6. Full Functional Dependency:
o A full functional dependency occurs when an attribute is functionally
dependent on the entire primary key (and not just part of it).
o This is the opposite of partial dependency and is a key aspect of Second
Normal Form (2NF).
o Example:
 In a table with a composite primary key {Emp_ID, Dept_ID}, if
{Emp_ID, Dept_ID} → Salary, then Salary is fully dependent on the
entire primary key.

7. Multivalued Functional Dependency:
o A multivalued functional dependency occurs when one attribute determines
a set of values for another attribute (or a set of attributes).
o This type of dependency often arises in complex situations and is handled in
Fourth Normal Form (4NF).
o Example:
 If a Student_ID determines multiple Courses for the student, this is a
multivalued functional dependency.

8. Join Dependency:
o A join dependency occurs when a table can be reconstructed from its
projections (subsets) without losing information. It is often used in Fifth
Normal Form (5NF).
o Example:
 If a relation can be decomposed into multiple tables and then
recombined without losing any information, it is governed by join
dependency.
Summary:

 Functional dependency defines the relationship between attributes in a table.


 Trivial Functional Dependency: Attribute determines itself.
 Non-Trivial Functional Dependency: One attribute determines another.
 Transitive Dependency: A chain of dependencies (X → Y → Z).
 Compositional Dependency: A combination of attributes determines another
attribute.
 Partial Dependency: A part of the composite key determines a non-key attribute.
 Full Dependency: Entire primary key determines a non-key attribute.
 Multivalued Dependency: One attribute determines a set of values.
 Join Dependency: A table can be reconstructed from its projections.

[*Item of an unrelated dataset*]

(* Let $\mathbf{H}$ be any one of the four history systems $\mathbf{G3N}^{Hist}$, $\mathbf{G3NeF}^{Hist}$, $\mathbf{G3CoPC}^{Hist}$, $\mathbf{G3MPC}^{Hist}$. Backward proof search in $\mathbf{H}$ terminates: there is no infinite sequence $S_0,S_1,S_2,\dots$ of history sequents such that, for every $i$, $S_{i+1}$ is a premise of some instance of a rule of $\mathbf{H}$ whose conclusion is $S_i$.
   Context: Formulas are generated from a countable set of propositional variables $p,q,\dots$ and the constant $\top$ by the grammar $\varphi::= p\mid\top\mid\varphi\wedge\varphi\mid\varphi\vee\varphi\mid\varphi\to\varphi\mid\neg\varphi$ (there is no constant $\bot$). A history sequent is an expression $\mathcal H\mid\Gamma\Rightarrow\varphi$ where $\mathcal H$ (the history) is a finite set of formulas, $\Gamma$ is a finite multiset of formulas and $\varphi$ is a formula (the goal). $(\psi,\mathcal H)$ denotes $\mathcal H\cup\{\psi\}$, $\emptyset$ is the empty history, $\Gamma,\alpha$ denotes $\Gamma$ with one more occurrence of $\alpha$, and ''$\alpha\in\Gamma$'' means $\alpha$ occurs in $\Gamma$. History rules ($p$ a propositional variable; side conditions after ''if''): (ax) $\mathcal H\mid\Gamma,p\Rightarrow p$; ($\top$) $\mathcal H\mid\Gamma\Rightarrow\top$; ($\to$r$_1$) from $\emptyset\mid\Gamma,\alpha\Rightarrow\beta$ infer $\mathcal H\mid\Gamma\Rightarrow\alpha\to\beta$, if $\alpha\notin\Gamma$; ($\to$r$_2$) from $\mathcal H\mid\Gamma\Rightarrow\beta$ infer $\mathcal H\mid\Gamma\Rightarrow\alpha\to\beta$, if $\alpha\in\Gamma$; ($\to$l) from $(\varphi,\mathcal H)\mid\Gamma,\alpha\to\beta\Rightarrow\alpha$ and $\emptyset\mid\Gamma,\alpha\to\beta,\beta\Rightarrow\varphi$ infer $\mathcal H\mid\Gamma,\alpha\to\beta\Rightarrow\varphi$, if $\varphi\notin\mathcal H$ and $\beta\notin\Gamma$; ($\wedge$r) from $\mathcal H\mid\Gamma\Rightarrow\alpha$ and $\mathcal H\mid\Gamma\Rightarrow\beta$ infer $\mathcal H\mid\Gamma\Rightarrow\alpha\wedge\beta$; ($\wedge$l$_1$) from $\emptyset\mid\Gamma,\alpha\wedge\beta,\alpha\Rightarrow\varphi$ infer $\mathcal H\mid\Gamma,\alpha\wedge\beta\Rightarrow\varphi$, if $\alpha\notin\Gamma$; ($\wedge$l$_2$) from $\emptyset\mid\Gamma,\alpha\wedge\beta,\beta\Rightarrow\varphi$ infer $\mathcal H\mid\Gamma,\alpha\wedge\beta\Rightarrow\varphi$, if $\beta\notin\Gamma$; ($\vee$r$_1$), ($\vee$r$_2$) from $\mathcal H\mid\Gamma\Rightarrow\alpha$ (resp. $\mathcal H\mid\Gamma\Rightarrow\beta$) infer $\mathcal H\mid\Gamma\Rightarrow\alpha\vee\beta$; ($\vee$l) from $\emptyset\mid\Gamma,\alpha\vee\beta,\alpha\Rightarrow\varphi$ and $\emptyset\mid\Gamma,\alpha\vee\beta,\beta\Rightarrow\varphi$ infer $\mathcal H\mid\Gamma,\alpha\vee\beta\Rightarrow\varphi$, if $\alpha,\beta\notin\Gamma$; (n$_1$) from $\emptyset\mid\Gamma,\neg\alpha,\beta\Rightarrow\alpha$ and $\emptyset\mid\Gamma,\neg\alpha,\alpha\Rightarrow\beta$ infer $\mathcal H\mid\Gamma,\neg\alpha\Rightarrow\neg\beta$, if $\beta\notin\Gamma\cup\{\neg\alpha\}$ and $\alpha\notin\Gamma$; (n$_2$) from $\emptyset\mid\Gamma,\neg\alpha,\beta\Rightarrow\alpha$ and $\mathcal H\mid\Gamma,\neg\alpha\Rightarrow\beta$ infer $\mathcal H\mid\Gamma,\neg\alpha\Rightarrow\neg\beta$, if $\beta\notin\Gamma\cup\{\neg\alpha\}$ and $\alpha\in\Gamma$; (n$_3$) from $(\neg\beta,\mathcal H)\mid\Gamma,\neg\alpha\Rightarrow\alpha$ and $\emptyset\mid\Gamma,\neg\alpha,\alpha\Rightarrow\beta$ infer $\mathcal H\mid\Gamma,\neg\alpha\Rightarrow\neg\beta$, if $\neg\beta\notin\mathcal H$, $\beta\in\Gamma\cup\{\neg\alpha\}$ and $\alpha\notin\Gamma$; (n$_4$) from $(\neg\beta,\mathcal H)\mid\Gamma,\neg\alpha\Rightarrow\alpha$ and $\mathcal H\mid\Gamma,\neg\alpha\Rightarrow\beta$ infer $\mathcal H\mid\Gamma,\neg\alpha\Rightarrow\neg\beta$, if $\neg\beta\notin\mathcal H$, $\beta\in\Gamma\cup\{\neg\alpha\}$ and $\alpha\in\Gamma$; (nef) from $(\neg\beta,\mathcal H)\mid\Gamma,\neg\alpha\Rightarrow\alpha$ infer $\mathcal H\mid\Gamma,\neg\alpha\Rightarrow\neg\beta$, if $\neg\beta\notin\mathcal H$; (copc$_1$) from $\emptyset\mid\Gamma,\neg\alpha,\beta\Rightarrow\alpha$ infer $\mathcal H\mid\Gamma,\neg\alpha\Rightarrow\neg\beta$, if $\beta\notin\Gamma\cup\{\neg\alpha\}$; (copc$_2$) from $(\neg\beta,\mathcal H)\mid\Gamma,\neg\alpha\Rightarrow\alpha$ infer $\mathcal H\mid\Gamma,\neg\alpha\Rightarrow\neg\beta$, if $\neg\beta\notin\mathcal H$ and $\beta\in\Gamma\cup\{\neg\alpha\}$; (an) from $\emptyset\mid\Gamma,\alpha\Rightarrow\neg\alpha$ infer $\mathcal H\mid\Gamma\Rightarrow\neg\alpha$, if $\alpha\notin\Gamma$. In addition, the left rules ($\to$l), ($\wedge$l$_1$), ($\wedge$l$_2$), ($\vee$l) may only be applied when the goal $\varphi$ of the conclusion is a propositional variable, a negation or a disjunction. The positive history rules are (ax) through ($\vee$l). The four history systems are: $\mathbf{G3N}^{Hist}$ = positive history rules + (n$_1$)–(n$_4$); $\mathbf{G3NeF}^{Hist}$ = positive history rules + (n$_1$)–(n$_4$) + (nef); $\mathbf{G3CoPC}^{Hist}$ = positive history rules + (copc$_1$), (copc$_2$); $\mathbf{G3MPC}^{Hist}$ = positive history rules + (copc$_1$), (copc$_2$), (an). A derivation is a finite tree of rule instances whose leaves are instances of (ax) or ($\top$). *)

From Stdlib Require Import List Permutation.
Import ListNotations.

INFERENCE RULES FOR FUNCTIONAL DEPENDENCIES (FDS)

Inference rules are a set of rules used to derive all the possible functional dependencies that
can be inferred from a given set of functional dependencies in a relational database. These
rules allow us to determine all the implied dependencies that hold true, helping in the process
of normalization and simplifying the design of relational schemas.

Here are the primary inference rules:

1. Reflexivity Rule (F1):

If Y is a subset of X, then X → Y holds.

 Formally: If Y ⊆ X, then X → Y.
 Explanation: If a set of attributes X includes another set of attributes Y, then X
trivially determines Y. This is because Y is contained within X, and hence it can be
derived from X.
 Example: If {Emp_ID, Emp_Name} → Emp_ID, this is true because Emp_ID is a
subset of {Emp_ID, Emp_Name}.

2. Augmentation Rule (F2):

If X → Y, then XZ → YZ holds for any set of attributes Z.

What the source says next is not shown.